Definition tr_mid (p : 'I_m.+2) (b : {ffun 'I_m.+2 -> bool}) : transf n :=
  mk_tr (mid p) (fun q => if b (mid_index q) then presink else sink).

Definition tr_cover (x : 'I_n) : transf n :=
  mk_tr sink (fun q => if q == x then presink else q).

Lemma tr_presink_mid c i : tr_presink c (mid i) = oapp mid sink (c i).
Proof. by rewrite mk_tr_QM ?QM_mid // mid_indexK. Qed.

Lemma tr_mid_mid p b i : tr_mid p b (mid i) = if b i then presink else sink.
Proof. by rewrite mk_tr_QM ?QM_mid // mid_indexK. Qed.

Lemma oapp_mid_inj : injective (oapp mid sink).
Proof.
have mid_sink i : mid i != sink by apply: QM_neq (QM_mid i) QM_sinkF.
case=> [i|] [j|] //=; first by move/mid_inj->.
  by move/eqP; rewrite (negbTE (mid_sink i)).
by move/esym/eqP; rewrite (negbTE (mid_sink j)).
Qed.

Lemma tr_presink_spec c : W6bf_spec (tr_presink c).
Proof.
apply: mk_tr_spec => [|q _||_ q _]; rewrite ?presink_neq_start ?QM_presinkF //.
  by case: (c _) => [k|] /=; [apply: QM_neq (QM_mid k) QM_startF|exact: sink_neq_start].
by case: (c _) => [k|] /=; [apply: QM_neq (QM_mid k) QM_presinkF|rewrite eq_sym presink_neq_sink].
Qed.

Lemma tr_mid_spec p b : W6bf_spec (tr_mid p b).
Proof.
apply: mk_tr_spec => [||_ q _|e].
- exact: QM_neq (QM_mid p) QM_startF.
- by move=> q _; case: (b _); [exact: presink_neq_start|exact: sink_neq_start].
- by case: (b _); [left|right].
- by have := QM_mid p; rewrite e QM_presinkF.
Qed.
-=-=-=-=-
_Work task_
Output only the lines from the one that contains "mk_tr (mid p)" through the last line of the data above, each restated exactly.

_Answer section_
  mk_tr (mid p) (fun q => if b (mid_index q) then presink else sink).

Definition tr_cover (x : 'I_n) : transf n :=
  mk_tr sink (fun q => if q == x then presink else q).

Lemma tr_presink_mid c i : tr_presink c (mid i) = oapp mid sink (c i).
Proof. by rewrite mk_tr_QM ?QM_mid // mid_indexK. Qed.

Lemma tr_mid_mid p b i : tr_mid p b (mid i) = if b i then presink else sink.
Proof. by rewrite mk_tr_QM ?QM_mid // mid_indexK. Qed.

Lemma oapp_mid_inj : injective (oapp mid sink).
Proof.
have mid_sink i : mid i != sink by apply: QM_neq (QM_mid i) QM_sinkF.
case=> [i|] [j|] //=; first by move/mid_inj->.
  by move/eqP; rewrite (negbTE (mid_sink i)).
by move/esym/eqP; rewrite (negbTE (mid_sink j)).
Qed.

Lemma tr_presink_spec c : W6bf_spec (tr_presink c).
Proof.
apply: mk_tr_spec => [|q _||_ q _]; rewrite ?presink_neq_start ?QM_presinkF //.
  by case: (c _) => [k|] /=; [apply: QM_neq (QM_mid k) QM_startF|exact: sink_neq_start].
by case: (c _) => [k|] /=; [apply: QM_neq (QM_mid k) QM_presinkF|rewrite eq_sym presink_neq_sink].
Qed.

Lemma tr_mid_spec p b : W6bf_spec (tr_mid p b).
Proof.
apply: mk_tr_spec => [||_ q _|e].
- exact: QM_neq (QM_mid p) QM_startF.
- by move=> q _; case: (b _); [exact: presink_neq_start|exact: sink_neq_start].
- by case: (b _); [left|right].
- by have := QM_mid p; rewrite e QM_presinkF.
Qed.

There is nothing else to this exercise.